• _Required action_:
Under this line are the records; write out word for word the part that begins at the line containing "have T1 := ler_wpM2l" and ends at the line containing "have Cy := powR_chord", and no more.

Stored data entries:
(* Let $n\ge 1$, let $\mu\in\mathbb{R}^n\setminus\{0\}$ and $\alpha\in\,]0,1/2[$. Let $\mathcal{D}=\mathbb{R}^n\setminus\{0,-\mu\}$ and define $\phi:\mathcal{D}\to\mathbb{R}^+$ by $$\phi(x)=Y(x)^\top Y(x),\qquad Y(x)=\|x\|^{-2\alpha}x-\|x+\mu\|^{-2\alpha}(x+\mu).$$ Then the global maximum of $\phi$ on $\mathcal{D}$ is attained at $x=-\mu/2$.
   Context: $\|\cdot\|$ denotes the Euclidean norm on $\mathbb{R}^n$. *)

From mathcomp Require Import all_boot all_order all_algebra.
From mathcomp Require Import reals exp.
Set Implicit Arguments. Unset Strict Implicit. Unset Printing Implicit Defensive.
Import Order.TTheory GRing.Theory Num.Theory.
Local Open Scope ring_scope.

Definition dotv (R : realType) (n : nat) (u v : 'rV[R]_n) : R :=
  \sum_(i < n) u ord0 i * v ord0 i.

Definition enorm (R : realType) (n : nat) (x : 'rV[R]_n) : R :=
  Num.sqrt (dotv x x).

Definition Yf (R : realType) (n : nat) (alpha : R) (mu x : 'rV[R]_n) : 'rV[R]_n :=
  powR (enorm x) (- (2 * alpha)) *: x
  - powR (enorm (x + mu)) (- (2 * alpha)) *: (x + mu).

Definition phi (R : realType) (n : nat) (alpha : R) (mu x : 'rV[R]_n) : R :=
  dotv (Yf alpha mu x) (Yf alpha mu x).

(* Write b = 1 - 2 alpha, which lies in ]0, 1[, and p = |x|, q = |x + mu|,
   m = |mu|.  Since |x|^(-2 alpha) x = p^b (x / p), the law of cosines gives
     p q phi(x) = (((p+q)/2)^2 - (m/2)^2) (p^b - q^b)^2
                + ((m/2)^2 - ((p-q)/2)^2) (p^b + q^b)^2,
   with both weights nonnegative by the triangle inequality.  Concavity and
   subadditivity of t |-> t^b give (p^b -/+ q^b)^2 <= 4 (((p -/+ q)/2)^2)^b, and
   concavity once more, on the chord from ((p-q)/2)^2 to ((p+q)/2)^2 through
   (m/2)^2, yields phi(x) <= 4 ((m/2)^2)^b, which is phi(-mu/2). *)

From mathcomp Require Import all_boot all_order all_algebra.
From mathcomp Require Import reals exp ring lra.
Import Order.TTheory GRing.Theory Num.Theory.
Local Open Scope ring_scope.

Section PowR.
Context {R : realType}.

Lemma sqr_powR (x r : R) : 0 <= x -> (x `^ r) ^+ 2 = (x ^+ 2) `^ r.
Proof. by move=> x_ge0; rewrite !expr2 powRM. Qed.

Lemma powRN_div (t r : R) : 0 < t -> t `^ (- r) = t `^ (1 - r) / t.
Proof.
move=> t_gt0; rewrite powRB ?(gt_eqF t_gt0) ?implybT // powRr1 ?(ltW t_gt0) //.
by rewrite powRN mulrAC divff ?(gt_eqF t_gt0) // mul1r.
Qed.

End PowR.

Section PowRConcave.
Context {R : realType}.
Variable b : R.
Hypotheses (b_gt0 : 0 < b) (b_lt1 : b < 1).

(* Young's inequality [y^b x^(1-b) <= b y + (1-b) x], multiplied by [x^(b-1)]. *)
Lemma powR_le_tangent (x y : R) : 0 < x -> 0 <= y ->
  y `^ b <= x `^ b + b * (x `^ b / x) * (y - x).
Proof.
move=> x_gt0 y_ge0.
have b'_gt0 : 0 < 1 - b by rewrite subr_gt0.
have xb_gt0 : 0 < x `^ b by rewrite powR_gt0.
have := @conjugate_powR R (y `^ b) (x `^ (1 - b)) b^-1 (1 - b)^-1
  (powR_ge0 _ _) (powR_ge0 _ _).
rewrite !invr_gt0 b_gt0 b'_gt0 !invrK addrC subrK => /(_ isT isT erefl).
rewrite -!powRrM !mulfV ?gt_eqF // (powRr1 y_ge0) (powRr1 (ltW x_gt0)).
rewrite powRB ?gt_eqF ?implybT // (powRr1 (ltW x_gt0)) => young.
have -> : y `^ b = y `^ b * (x / x `^ b) * (x `^ b / x) by field; rewrite !gt_eqF.
have -> : x `^ b + b * (x `^ b / x) * (y - x) = (y * b + x * (1 - b)) * (x `^ b / x).
  by field; rewrite gt_eqF.
by rewrite ler_wpM2r // ltW // divr_gt0.
Qed.

Lemma powR_chord (x1 x x2 : R) : 0 <= x1 -> x1 <= x -> x <= x2 ->
  (x2 - x) * x1 `^ b + (x - x1) * x2 `^ b <= (x2 - x1) * x `^ b.
Proof.
move=> x1_ge0 x1x xx2; have [x_eq0|x_neq0] := eqVneq x 0.
  have -> : x1 = x by apply/le_anti; rewrite x1x x_eq0 x1_ge0.
  by rewrite subrr mul0r addr0.
have x_gt0 : 0 < x by rewrite lt_neqAle eq_sym x_neq0 (le_trans x1_ge0).
have d2_ge0 : 0 <= x2 - x by rewrite subr_ge0.
have d1_ge0 : 0 <= x - x1 by rewrite subr_ge0.
have T1 := ler_wpM2l d2_ge0 (powR_le_tangent x x1 x_gt0 x1_ge0).
have T2 := ler_wpM2l d1_ge0
  (powR_le_tangent x x2 x_gt0 (le_trans x1_ge0 (le_trans x1x xx2))).
move: T1 T2; set H := x `^ b; set D := b * (H / x) => T1 T2.
have -> : (x2 - x1) * H
    = (x2 - x) * (H + D * (x1 - x)) + (x - x1) * (H + D * (x2 - x)) by ring.
exact: lerD.
Qed.

Lemma powR_subadd (x y : R) : 0 <= x -> 0 <= y -> (x + y) `^ b <= x `^ b + y `^ b.
Proof.
move=> x_ge0 y_ge0; have [->|y_neq0] := eqVneq y 0.
  by rewrite addr0 powR0 ?gt_eqF // addr0.
have xy_gt0 : 0 < x + y by rewrite ltr_wpDl // lt_neqAle eq_sym y_neq0.
have x_le : x <= x + y by rewrite lerDl.
have y_le : y <= x + y by rewrite lerDr.
have Cx := powR_chord 0 x (x + y) (lexx 0) x_ge0 x_le.
have Cy := powR_chord 0 y (x + y) (lexx 0) y_ge0 y_le.
rewrite powR0 ?gt_eqF // !subr0 !mulr0 !add0r in Cx Cy.
by rewrite -(ler_pM2l xy_gt0) mulrDr mulrDl; exact: lerD.
Qed.

Lemma powR_midpoint (x y : R) : 0 <= x -> 0 <= y ->
  x `^ b + y `^ b <= 2 * ((x + y) / 2) `^ b.
Proof.
move=> x_ge0 y_ge0; have [xy_eq0|xy_neq0] := eqVneq (x + y) 0.
  have [-> ->] : x = 0 /\ y = 0 by split; lra.
  by rewrite addr0 mul0r powR0 ?gt_eqF // addr0 mulr0.
have m_gt0 : 0 < (x + y) / 2.
  by rewrite divr_gt0 // lt_neqAle eq_sym xy_neq0 addr_ge0.
have := powR_le_tangent _ x m_gt0 x_ge0; have := powR_le_tangent _ y m_gt0 y_ge0.
lra.
Qed.

Lemma powRB_le_dist (x y : R) : 0 <= x -> 0 <= y ->
  x `^ b - y `^ b <= 2 * (`|x - y| / 2) `^ b.
Proof.
move=> x_ge0 y_ge0; have [yx|xy] := lerP y x; last first.
  have xy_pow : x `^ b <= y `^ b by rewrite ge0_ler_powR ?ltW.
  by have := powR_ge0 ((y - x) / 2) b; lra.
set d := (x - y) / 2.
have d_ge0 : 0 <= d by rewrite divr_ge0 ?subr_ge0.
have -> : x = y + d + d by rewrite /d; field.
have S1 := powR_subadd (y + d) d (addr_ge0 y_ge0 d_ge0) d_ge0.
have S2 := powR_subadd y d y_ge0 d_ge0.
lra.
Qed.

Definition phi_sides (p q m : R) : R :=
  (p `^ b) ^+ 2 + (q `^ b) ^+ 2 - p `^ b * q `^ b / (p * q) * (p ^+ 2 + q ^+ 2 - m ^+ 2).

Lemma phi_sides_le (p q m : R) : 0 < p -> 0 < q -> 0 <= m ->
  (p - q) ^+ 2 <= m ^+ 2 <= (p + q) ^+ 2 ->
  phi_sides p q m <= 4 * ((m / 2) `^ b) ^+ 2.
Proof.
move=> p_gt0 q_gt0 m_ge0 /andP[lo hi]; rewrite /phi_sides.
have p_ge0 := ltW p_gt0; have q_ge0 := ltW q_gt0.
set X := p `^ b; set Y := q `^ b; set Z := (m / 2) `^ b.
set G1 := (`|p - q| / 2) `^ b; set G2 := ((p + q) / 2) `^ b.
have X_ge0 : 0 <= X := powR_ge0 _ _.
have Y_ge0 : 0 <= Y := powR_ge0 _ _.
have G1_ge0 : 0 <= G1 := powR_ge0 _ _.
have G2_ge0 : 0 <= G2 := powR_ge0 _ _.
have F1 : (X - Y) ^+ 2 <= 4 * G1 ^+ 2.
  have := powRB_le_dist p q p_ge0 q_ge0; have := powRB_le_dist q p q_ge0 p_ge0.
  by rewrite distrC -/X -/Y -/G1; nra.
have F2 : (X + Y) ^+ 2 <= 4 * G2 ^+ 2.
  by have := powR_midpoint p q p_ge0 q_ge0; rewrite -/X -/Y -/G2; nra.
have dist2 : (`|p - q| / 2) ^+ 2 = ((p - q) / 2) ^+ 2.
  by rewrite !expr_div_n real_normK ?num_real.
set x1 := ((p - q) / 2) ^+ 2; set x := (m / 2) ^+ 2; set x2 := ((p + q) / 2) ^+ 2.
have C : (x2 - x) * G1 ^+ 2 + (x - x1) * G2 ^+ 2 <= (x2 - x1) * Z ^+ 2.
  rewrite /G1 /G2 /Z !sqr_powR ?divr_ge0 ?addr_ge0 // dist2.
  by apply: powR_chord; rewrite /x1 /x /x2 ?sqr_ge0 // !expr_div_n; lra.
have pq_gt0 : 0 < p * q by rewrite mulr_gt0.
rewrite -(ler_pM2l pq_gt0).
have -> : p * q * (X ^+ 2 + Y ^+ 2 - X * Y / (p * q) * (p ^+ 2 + q ^+ 2 - m ^+ 2))
    = (x2 - x) * (X - Y) ^+ 2 + (x - x1) * (X + Y) ^+ 2.
  by rewrite /x1 /x /x2; field; rewrite !gt_eqF.
have -> : p * q = x2 - x1 by rewrite /x1 /x2; field.
have w1 : 0 <= x2 - x by rewrite subr_ge0 /x /x2 !expr_div_n; lra.
have w2 : 0 <= x - x1 by rewrite subr_ge0 /x /x1 !expr_div_n; lra.
have := ler_wpM2l w1 F1; have := ler_wpM2l w2 F2.
lra.
Qed.

End PowRConcave.

Section EuclideanSpace.
Context {R : realType} {n : nat}.
Implicit Types u v : 'rV[R]_n.

Lemma dotv_ge0 u : 0 <= dotv u u.
Proof. by rewrite sumr_ge0 // => i _; rewrite -expr2 sqr_ge0. Qed.

Lemma dotv_gt0 u : u != 0 -> 0 < dotv u u.
Proof.
move=> u_neq0; rewrite lt_def dotv_ge0 andbT; apply: contraNN u_neq0 => /eqP uu0.
apply/eqP/rowP => i; rewrite mxE.
have /eqP : u ord0 i * u ord0 i = 0.
  by move/psumr_eq0P: uu0 => -> // j _; rewrite -expr2 sqr_ge0.
by rewrite mulf_eq0 orbb => /eqP.
Qed.

Lemma dotvZ (a : R) u : dotv (a *: u) (a *: u) = a ^+ 2 * dotv u u.
Proof. by rewrite /dotv mulr_sumr; apply: eq_bigr => i _; rewrite !mxE; ring. Qed.

Lemma dotv_scale_sub (a c : R) u v :
  dotv (a *: u - c *: v) (a *: u - c *: v) =
  a ^+ 2 * dotv u u + c ^+ 2 * dotv v v - a * c * (2 * dotv u v).
Proof.
rewrite /dotv !mulr_sumr -big_split -sumrB /=.
by apply: eq_bigr => i _; rewrite !mxE; ring.
Qed.

Lemma dotv_polar u v : 2 * dotv u v = dotv u u + dotv v v - dotv (v - u) (v - u).
Proof.
rewrite /dotv !mulr_sumr -big_split -sumrB /=.
by apply: eq_bigr => i _; rewrite !mxE; ring.
Qed.

Lemma cauchy_schwarz u v : dotv u v ^+ 2 <= dotv u u * dotv v v.
Proof.
have [->|v_neq0] := eqVneq v 0.
  have -> : dotv u 0 = 0 by rewrite /dotv big1 // => i _; rewrite mxE mulr0.
  by rewrite expr0n /= mulr_ge0 ?dotv_ge0.
have := dotv_ge0 (dotv v v *: u - dotv u v *: v).
rewrite dotv_scale_sub; have := dotv_gt0 v v_neq0; nra.
Qed.

Lemma sqr_enorm u : enorm u ^+ 2 = dotv u u.
Proof. exact/sqr_sqrtr/dotv_ge0. Qed.

Lemma enorm_gt0 u : u != 0 -> 0 < enorm u.
Proof. by move=> u_neq0; rewrite sqrtr_gt0 dotv_gt0. Qed.

Lemma enormZ (a : R) u : enorm (a *: u) = `|a| * enorm u.
Proof. by rewrite /enorm dotvZ sqrtrM ?sqr_ge0 // sqrtr_sqr. Qed.

Lemma normr_dotv_le u v : `|dotv u v| <= enorm u * enorm v.
Proof.
rewrite -ler_sqr ?nnegrE ?mulr_ge0 ?sqrtr_ge0 //.
by rewrite real_normK ?num_real // exprMn !sqr_enorm cauchy_schwarz.
Qed.

Lemma sqr_enorm_triangle u v :
  (enorm u - enorm v) ^+ 2 <= enorm (v - u) ^+ 2 <= (enorm u + enorm v) ^+ 2.
Proof.
have := normr_dotv_le u v; rewrite ler_norml => /andP[lo hi].
have := dotv_polar u v; rewrite -!sqr_enorm => polar.
by apply/andP; split; nra.
Qed.

End EuclideanSpace.

Lemma phi_sidesE {R : realType} {n : nat} (alpha : R) (mu x : 'rV[R]_n) :
  x != 0 -> x + mu != 0 ->
  phi alpha mu x = phi_sides (1 - 2 * alpha) (enorm x) (enorm (x + mu)) (enorm mu).
Proof.
move=> x_neq0 xmu_neq0.
have p_gt0 := enorm_gt0 x x_neq0; have q_gt0 := enorm_gt0 (x + mu) xmu_neq0.
rewrite /phi /Yf dotv_scale_sub dotv_polar [x + mu - x]addrAC subrr add0r.
rewrite -!sqr_enorm !powRN_div // /phi_sides.
by field; rewrite !gt_eqF.
Qed.

Theorem lemma5 (R : realType) (n : nat) (mu : 'rV[R]_n) (alpha : R) :
  (1 <= n)%N -> mu != 0 -> 0 < alpha -> alpha < 1 / 2 ->
  let x0 := - ((1 / 2 : R) *: mu) in
  (x0 != 0 /\ x0 != - mu) /\
  forall x : 'rV[R]_n, x != 0 -> x != - mu ->
    phi alpha mu x <= phi alpha mu x0.
Proof.
move=> _ mu_neq0 alpha_gt0 alpha_lt_half x0.
have half_neq0 : (1 / 2 : R) != 0 by rewrite mul1r invr_eq0 pnatr_eq0.
have x0E : x0 = - (1 / 2) *: mu by rewrite /x0 scaleNr.
have x0muE : x0 + mu = (1 / 2) *: mu.
  by rewrite x0E -{2}(scale1r mu) -scalerDl; congr (_ *: _); field.
have x0_neq0 : x0 != 0 by rewrite x0E scaler_eq0 negb_or oppr_eq0 half_neq0.
have x0mu_neq0 : x0 + mu != 0 by rewrite x0muE scaler_eq0 negb_or half_neq0.
split; first by split=> //; apply: contraNneq x0mu_neq0 => ->; rewrite addNr.
move=> x x_neq0 x_neq_Nmu.
have xmu_neq0 : x + mu != 0 by rewrite addr_eq0.
have m_gt0 := enorm_gt0 mu mu_neq0.
rewrite !phi_sidesE // x0muE x0E !enormZ normrN ger0_norm ?divr_ge0 // mul1r [2^-1 * _]mulrC.
set b := 1 - 2 * alpha; set m := enorm mu.
have -> : phi_sides b (m / 2) (m / 2) m = 4 * ((m / 2) `^ b) ^+ 2.
  by rewrite /phi_sides; field; rewrite gt_eqF.
have b_gt0 : 0 < b by rewrite /b; lra.
have b_lt1 : b < 1 by rewrite /b; lra.
have := sqr_enorm_triangle x (x + mu); rewrite [x + mu - x]addrAC subrr add0r.
exact: phi_sides_le b b_gt0 b_lt1 _ _ _ (enorm_gt0 x x_neq0) (enorm_gt0 (x + mu) xmu_neq0)
  (ltW m_gt0).
Qed.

• _Solution to the problem_:
have T1 := ler_wpM2l d2_ge0 (powR_le_tangent x x1 x_gt0 x1_ge0).
have T2 := ler_wpM2l d1_ge0
  (powR_le_tangent x x2 x_gt0 (le_trans x1_ge0 (le_trans x1x xx2))).
move: T1 T2; set H := x `^ b; set D := b * (H / x) => T1 T2.
have -> : (x2 - x1) * H
    = (x2 - x) * (H + D * (x1 - x)) + (x - x1) * (H + D * (x2 - x)) by ring.
exact: lerD.
Qed.

Lemma powR_subadd (x y : R) : 0 <= x -> 0 <= y -> (x + y) `^ b <= x `^ b + y `^ b.
Proof.
move=> x_ge0 y_ge0; have [->|y_neq0] := eqVneq y 0.
  by rewrite addr0 powR0 ?gt_eqF // addr0.
have xy_gt0 : 0 < x + y by rewrite ltr_wpDl // lt_neqAle eq_sym y_neq0.
have x_le : x <= x + y by rewrite lerDl.
have y_le : y <= x + y by rewrite lerDr.
have Cx := powR_chord 0 x (x + y) (lexx 0) x_ge0 x_le.
have Cy := powR_chord 0 y (x + y) (lexx 0) y_ge0 y_le.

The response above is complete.